AVAILABLE RECORDS START

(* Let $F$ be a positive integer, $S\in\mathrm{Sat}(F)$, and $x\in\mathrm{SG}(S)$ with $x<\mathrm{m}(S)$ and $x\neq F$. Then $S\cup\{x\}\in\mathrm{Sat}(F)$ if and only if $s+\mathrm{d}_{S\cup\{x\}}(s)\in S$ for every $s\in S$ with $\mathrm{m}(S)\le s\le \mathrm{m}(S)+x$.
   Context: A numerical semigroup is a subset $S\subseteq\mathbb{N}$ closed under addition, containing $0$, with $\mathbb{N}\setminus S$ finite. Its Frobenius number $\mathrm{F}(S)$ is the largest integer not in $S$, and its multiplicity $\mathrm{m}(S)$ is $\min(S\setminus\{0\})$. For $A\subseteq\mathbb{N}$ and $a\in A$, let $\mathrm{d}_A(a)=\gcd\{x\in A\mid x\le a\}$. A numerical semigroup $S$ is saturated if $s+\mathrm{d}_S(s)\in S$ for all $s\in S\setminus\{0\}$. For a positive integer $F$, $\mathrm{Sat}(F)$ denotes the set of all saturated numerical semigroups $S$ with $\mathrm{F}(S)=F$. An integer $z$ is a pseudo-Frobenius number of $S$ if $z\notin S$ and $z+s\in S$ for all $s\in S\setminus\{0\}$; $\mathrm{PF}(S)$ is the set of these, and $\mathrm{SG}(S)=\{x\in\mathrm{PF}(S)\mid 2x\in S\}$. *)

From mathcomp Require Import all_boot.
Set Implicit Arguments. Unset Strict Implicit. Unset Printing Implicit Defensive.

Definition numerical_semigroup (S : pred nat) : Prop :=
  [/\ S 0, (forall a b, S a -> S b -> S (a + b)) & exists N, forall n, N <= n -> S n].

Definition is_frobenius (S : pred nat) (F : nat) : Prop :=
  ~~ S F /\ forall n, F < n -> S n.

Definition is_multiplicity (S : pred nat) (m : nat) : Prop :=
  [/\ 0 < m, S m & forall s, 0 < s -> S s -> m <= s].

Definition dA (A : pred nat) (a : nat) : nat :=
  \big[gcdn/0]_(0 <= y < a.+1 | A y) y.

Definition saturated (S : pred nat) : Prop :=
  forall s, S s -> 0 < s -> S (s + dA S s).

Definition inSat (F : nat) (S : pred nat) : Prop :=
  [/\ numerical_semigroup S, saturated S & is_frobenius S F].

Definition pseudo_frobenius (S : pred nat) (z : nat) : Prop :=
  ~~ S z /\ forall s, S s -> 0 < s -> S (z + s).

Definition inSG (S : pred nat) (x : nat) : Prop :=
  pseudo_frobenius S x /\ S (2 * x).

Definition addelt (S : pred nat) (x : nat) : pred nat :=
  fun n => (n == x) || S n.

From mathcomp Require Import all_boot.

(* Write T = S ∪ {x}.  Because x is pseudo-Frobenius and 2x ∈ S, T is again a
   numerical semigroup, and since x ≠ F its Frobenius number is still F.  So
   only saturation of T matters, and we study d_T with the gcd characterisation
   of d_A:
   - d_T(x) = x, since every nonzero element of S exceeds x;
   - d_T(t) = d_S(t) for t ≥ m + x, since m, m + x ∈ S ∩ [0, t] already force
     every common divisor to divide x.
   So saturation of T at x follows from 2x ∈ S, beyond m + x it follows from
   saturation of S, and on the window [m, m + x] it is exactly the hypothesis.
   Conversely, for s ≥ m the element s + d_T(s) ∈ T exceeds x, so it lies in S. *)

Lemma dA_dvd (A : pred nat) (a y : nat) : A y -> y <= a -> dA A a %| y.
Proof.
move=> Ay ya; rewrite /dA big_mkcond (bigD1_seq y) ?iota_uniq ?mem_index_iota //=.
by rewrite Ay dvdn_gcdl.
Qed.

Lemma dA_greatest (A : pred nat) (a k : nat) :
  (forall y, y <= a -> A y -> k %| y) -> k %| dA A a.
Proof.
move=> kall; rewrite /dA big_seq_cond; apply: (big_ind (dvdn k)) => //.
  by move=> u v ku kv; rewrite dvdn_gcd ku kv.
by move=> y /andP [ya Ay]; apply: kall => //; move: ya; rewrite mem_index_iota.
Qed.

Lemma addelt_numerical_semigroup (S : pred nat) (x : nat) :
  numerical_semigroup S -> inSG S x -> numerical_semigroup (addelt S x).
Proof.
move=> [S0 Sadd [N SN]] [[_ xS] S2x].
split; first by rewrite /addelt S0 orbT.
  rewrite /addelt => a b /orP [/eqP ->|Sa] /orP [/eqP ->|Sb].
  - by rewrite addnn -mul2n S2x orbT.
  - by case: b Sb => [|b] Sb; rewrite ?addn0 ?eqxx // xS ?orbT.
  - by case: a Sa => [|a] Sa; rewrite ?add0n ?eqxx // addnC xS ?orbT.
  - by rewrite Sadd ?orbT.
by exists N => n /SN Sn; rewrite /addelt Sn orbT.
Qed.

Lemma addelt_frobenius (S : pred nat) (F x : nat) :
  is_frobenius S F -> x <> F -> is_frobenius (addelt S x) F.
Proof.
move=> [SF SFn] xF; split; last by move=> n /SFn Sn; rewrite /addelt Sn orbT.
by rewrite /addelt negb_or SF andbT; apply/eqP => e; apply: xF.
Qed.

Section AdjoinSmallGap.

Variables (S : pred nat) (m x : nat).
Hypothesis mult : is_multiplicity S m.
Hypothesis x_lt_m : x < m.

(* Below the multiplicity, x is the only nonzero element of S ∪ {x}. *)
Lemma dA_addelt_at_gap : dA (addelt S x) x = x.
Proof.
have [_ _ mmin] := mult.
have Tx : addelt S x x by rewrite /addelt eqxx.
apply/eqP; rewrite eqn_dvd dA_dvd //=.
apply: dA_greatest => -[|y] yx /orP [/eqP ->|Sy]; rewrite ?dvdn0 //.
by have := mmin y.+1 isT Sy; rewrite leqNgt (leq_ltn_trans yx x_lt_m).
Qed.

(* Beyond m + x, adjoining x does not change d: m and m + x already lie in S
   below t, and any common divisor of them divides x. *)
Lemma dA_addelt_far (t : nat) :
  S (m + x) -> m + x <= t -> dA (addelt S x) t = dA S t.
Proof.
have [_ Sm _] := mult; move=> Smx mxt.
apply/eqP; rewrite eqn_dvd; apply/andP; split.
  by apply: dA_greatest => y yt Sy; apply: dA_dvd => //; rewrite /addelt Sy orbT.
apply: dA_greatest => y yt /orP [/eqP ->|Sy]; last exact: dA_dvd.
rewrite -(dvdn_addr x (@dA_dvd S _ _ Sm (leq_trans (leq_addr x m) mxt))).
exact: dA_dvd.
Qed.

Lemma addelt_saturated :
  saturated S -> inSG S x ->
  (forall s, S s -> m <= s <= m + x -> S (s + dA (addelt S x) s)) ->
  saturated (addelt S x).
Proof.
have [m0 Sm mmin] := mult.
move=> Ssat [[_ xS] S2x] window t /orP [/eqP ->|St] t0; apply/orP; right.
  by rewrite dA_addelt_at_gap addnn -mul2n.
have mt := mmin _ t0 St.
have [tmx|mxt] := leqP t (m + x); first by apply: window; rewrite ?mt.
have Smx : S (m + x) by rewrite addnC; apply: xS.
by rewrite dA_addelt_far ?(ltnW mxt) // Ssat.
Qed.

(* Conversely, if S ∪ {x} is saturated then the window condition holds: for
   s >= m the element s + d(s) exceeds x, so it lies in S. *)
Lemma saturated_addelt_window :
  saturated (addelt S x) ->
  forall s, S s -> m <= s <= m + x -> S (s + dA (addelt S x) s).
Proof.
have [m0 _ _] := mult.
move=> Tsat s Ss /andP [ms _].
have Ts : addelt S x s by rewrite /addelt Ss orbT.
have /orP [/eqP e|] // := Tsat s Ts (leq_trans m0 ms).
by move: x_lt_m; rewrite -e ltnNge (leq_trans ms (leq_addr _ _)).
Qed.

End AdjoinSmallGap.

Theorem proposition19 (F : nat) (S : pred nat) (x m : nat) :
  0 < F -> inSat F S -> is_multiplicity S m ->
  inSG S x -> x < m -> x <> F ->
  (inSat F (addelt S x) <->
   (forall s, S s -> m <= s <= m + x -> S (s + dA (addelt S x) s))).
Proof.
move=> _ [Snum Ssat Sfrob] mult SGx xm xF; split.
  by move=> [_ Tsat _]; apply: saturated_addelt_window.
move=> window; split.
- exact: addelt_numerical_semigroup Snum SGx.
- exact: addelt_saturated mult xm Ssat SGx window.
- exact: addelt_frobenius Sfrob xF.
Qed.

AVAILABLE RECORDS END

• **WHAT YOU NEED TO DO**: Please give an exact copy of the lines above, beginning with the line containing "apply/eqP; rewrite eqn_dvd;" and running through the line containing "rewrite -(dvdn_addr x", and of no other lines.

• **EXERCISE OUTPUT**:
apply/eqP; rewrite eqn_dvd; apply/andP; split.
  by apply: dA_greatest => y yt Sy; apply: dA_dvd => //; rewrite /addelt Sy orbT.
apply: dA_greatest => y yt /orP [/eqP ->|Sy]; last exact: dA_dvd.
rewrite -(dvdn_addr x (@dA_dvd S _ _ Sm (leq_trans (leq_addr x m) mxt))).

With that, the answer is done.